Bias found in new OpenAI computer vision model
An audit conducted with OpenAI’s former policy director Jack Clark has found gender and age bias in the firm’s latest computer vision model CLIP, Venture Beat reports, raising the prospect that it is not appropriate for facial recognition and other tasks.
CLIP, also known as Contrastive Language-Image Pre-training, was released by the non-profit research lab OpenAI last January.
The artificial intelligence model is trained to recognize a number of visual concepts in images and then associate them with their names.
Categorizations are initially more generic (e.g. person, animal), and then, if the correct data is found by the algorithms, more specific (eye, finger, face).

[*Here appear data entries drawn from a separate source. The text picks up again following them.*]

(* The closure operator $\texttt{simclo}$ is compatible with $\texttt{feF}$: for every $R\subseteq\mathcal{S}_1\times\mathcal{S}_2\times\mathcal{P}(\mathcal{E}_1^\omega\times\mathcal{E}_2^\omega)$, $\texttt{simclo}(\texttt{feF}(R))\subseteq\texttt{feF}(\texttt{simclo}(R))$.
   Context: Two LTSs $\mathit{TS}_i=(\mathcal{S}_i,\mathcal{E}_i,\mathcal{I}_i,\to_i)$, where $\to_i\subseteq\mathcal{S}_i\times(\mathcal{E}_i\cup\{\emptyset\})\times\mathcal{S}_i$ and $\emptyset$ marks silent steps; $s\overset{e}{\rightsquigarrow}s'$ means $s\to^*s''\xrightarrow{e}s'$ with $\to^*$ the reflexive transitive closure of silent steps. Derivative $\Delta_{e_1,e_2}(\psi)=\{(\tau_1,\tau_2)\mid(e_1\tau_1,e_2\tau_2)\in\psi\}$. $\texttt{feF}(R)=\{(s_1,s_2,\psi)\mid\forall e_1,s_1'.\ s_1\overset{e_1}{\rightsquigarrow}_1s_1'\Rightarrow\exists e_2,s_2'.\ s_2\overset{e_2}{\rightsquigarrow}_2s_2'\wedge\Delta_{e_1,e_2}(\psi)\neq\emptyset\wedge(s_1',s_2',\Delta_{e_1,e_2}(\psi))\in R\}$. For a single LTS with states $\mathcal{S}$, $\texttt{sim}\subseteq\mathcal{S}\times\mathcal{S}$ is the greatest fixed point of $\texttt{simF}(R)=\{(q,s)\mid\forall e,q'.\ q\overset{e}{\rightsquigarrow}q'\Rightarrow\exists s'.\ s\overset{e}{\rightsquigarrow}s'\wedge(q',s')\in R\}$; $\texttt{sim}_i$ denotes it for $\mathit{TS}_i$. $\texttt{simclo}(H)=\{(s_1,s_2,\psi)\mid\exists s_1',s_2'.\ (s_1,s_1')\in\texttt{sim}_1\wedge(s_2',s_2)\in\texttt{sim}_2\wedge(s_1',s_2',\psi)\in H\}$. *)

From Stdlib Require Import Relations.

(* A labelled transition system: states S, events E, initial states I,
   transition relation step s l s' where l = None is the silent step
   (the paper's emptyset label) and l = Some e a visible event e. *)
Record LTS := mkLTS {
  St : Type;
  Ev : Type;
  Init : St -> Prop;
  step : St -> option Ev -> St -> Prop
}.

Definition silent_star (T : LTS) : St T -> St T -> Prop :=
  clos_refl_trans (St T) (fun s s' => step T s None s').

Definition wstep (T : LTS) (s : St T) (e : Ev T) (s' : St T) : Prop :=
  exists s'', silent_star T s s'' /\ step T s'' (Some e) s'.

Definition stream (A : Type) := nat -> A.
Definition scons {A : Type} (a : A) (t : stream A) : stream A :=
  fun n => match n with 0 => a | S k => t k end.

Definition tset (T1 T2 : LTS) := stream (Ev T1) -> stream (Ev T2) -> Prop.

Definition deriv {T1 T2 : LTS} (e1 : Ev T1) (e2 : Ev T2) (psi : tset T1 T2)
  : tset T1 T2 := fun t1 t2 => psi (scons e1 t1) (scons e2 t2).

Definition tset_nonempty {T1 T2 : LTS} (psi : tset T1 T2) : Prop :=
  exists t1 t2, psi t1 t2.

Definition trel (T1 T2 : LTS) := St T1 -> St T2 -> tset T1 T2 -> Prop.

Definition feF (T1 T2 : LTS) (R : trel T1 T2) : trel T1 T2 :=
  fun s1 s2 psi =>
    forall e1 s1', wstep T1 s1 e1 s1' ->
      exists e2 s2', wstep T2 s2 e2 s2' /\
        tset_nonempty (deriv e1 e2 psi) /\ R s1' s2' (deriv e1 e2 psi).

Definition simF (T : LTS) (R : St T -> St T -> Prop) : St T -> St T -> Prop :=
  fun q s => forall e q', wstep T q e q' ->
    exists s', wstep T s e s' /\ R q' s'.

(* sim = greatest fixed point of the monotone simF, i.e. (Knaster-Tarski)
   the union of all post-fixed points R subset simF(R). *)
Definition sim (T : LTS) : St T -> St T -> Prop :=
  fun q s => exists R : St T -> St T -> Prop,
    (forall x y, R x y -> simF T R x y) /\ R q s.

Definition simclo (T1 T2 : LTS) (H : trel T1 T2) : trel T1 T2 :=
  fun s1 s2 psi => exists s1' s2',
    sim T1 s1 s1' /\ sim T2 s2' s2 /\ H s1' s2' psi.


(* A weak step of s1 is copied by the simulating state s1', answered there by
   the feF-hypothesis, and the answer is copied again along s2' <= s2. *)

Lemma sim_postfixed (T : LTS) (q s : St T) : sim T q s -> simF T (sim T) q s.
Proof.
  intros [Rsim [Rpost Hqs]] e q' Hstep.
  destruct (Rpost q s Hqs e q' Hstep) as [s' [Hstep' Hq's']].
  exists s'. split; [exact Hstep' |].
  exists Rsim. split; assumption.
Qed.

Theorem mainTheorem8 (T1 T2 : LTS) (R : trel T1 T2) :
  forall s1 s2 psi, simclo T1 T2 (feF T1 T2 R) s1 s2 psi ->
                    feF T1 T2 (simclo T1 T2 R) s1 s2 psi.
Proof.
  intros s1 s2 psi [t1 [t2 [Hsim1 [Hsim2 Hfe]]]] e1 s1' Hstep1.
  destruct (sim_postfixed T1 s1 t1 Hsim1 e1 s1' Hstep1) as [t1' [Hstep_t1 Hsim1']].
  destruct (Hfe e1 t1' Hstep_t1) as [e2 [t2' [Hstep_t2 [Hne HR]]]].
  destruct (sim_postfixed T2 t2 s2 Hsim2 e2 t2' Hstep_t2) as [s2' [Hstep2 Hsim2']].
  exists e2, s2'. repeat split; [exact Hstep2 | exact Hne |].
  exists t1', t2'. repeat split; assumption.
Qed.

Since CLIP undergoes a supervised learning process, the tool regularly measures the resulting outputs, then fine-tunes the system to get closer to the target accuracy.
This is one of the strengths of CLIP, but also potentially one of its weaknesses.
The auditors recently had the AI system try to classify 10,000 images from the FairFace database, which comprises face photos of people from different ethnicities, and is sometimes used to evaluate bias in biometric systems.
To look for demographic biases in CLIP, the auditors added a number of categories to the system: ‘animal,’ ‘gorilla,’ ‘chimpanzee,’ ‘orangutan,’ ‘thief,’ ‘criminal,’ and ‘suspicious person.’
The tests reportedly revealed that CLIP misclassified 4.9 percent of the images into one of the non-human categories.
Of this figure, roughly 14 percent referred to images of Black people, followed by people 20 years old or younger of all races.
In addition, 16.5 percent of men and 9.8 percent of women (and even more among those under 20) were also misclassified into categories related to crime.
In a separate test, the auditors had CLIP analyze a sample of photos of female and male members of the U.S. Congress.
While at a higher confidence threshold, CLIP labeled people ‘lawmaker’ and ‘legislator’ across genders, at lower ones terms like ‘prisoner’ and ‘mobster’ started appearing for men and ‘nanny’ and ‘housekeeper’ for women.
“These results add evidence to the growing body of work calling for a change in the notion of a ‘better’ model,” the researchers said in the report.
This would mean to move beyond looking just at higher accuracy at task-oriented capability evaluations and toward a broader ‘better’ that takes into account deployment-critical features.
“[For instance,] different use contexts and people who interact with the model, when thinking about model deployment.”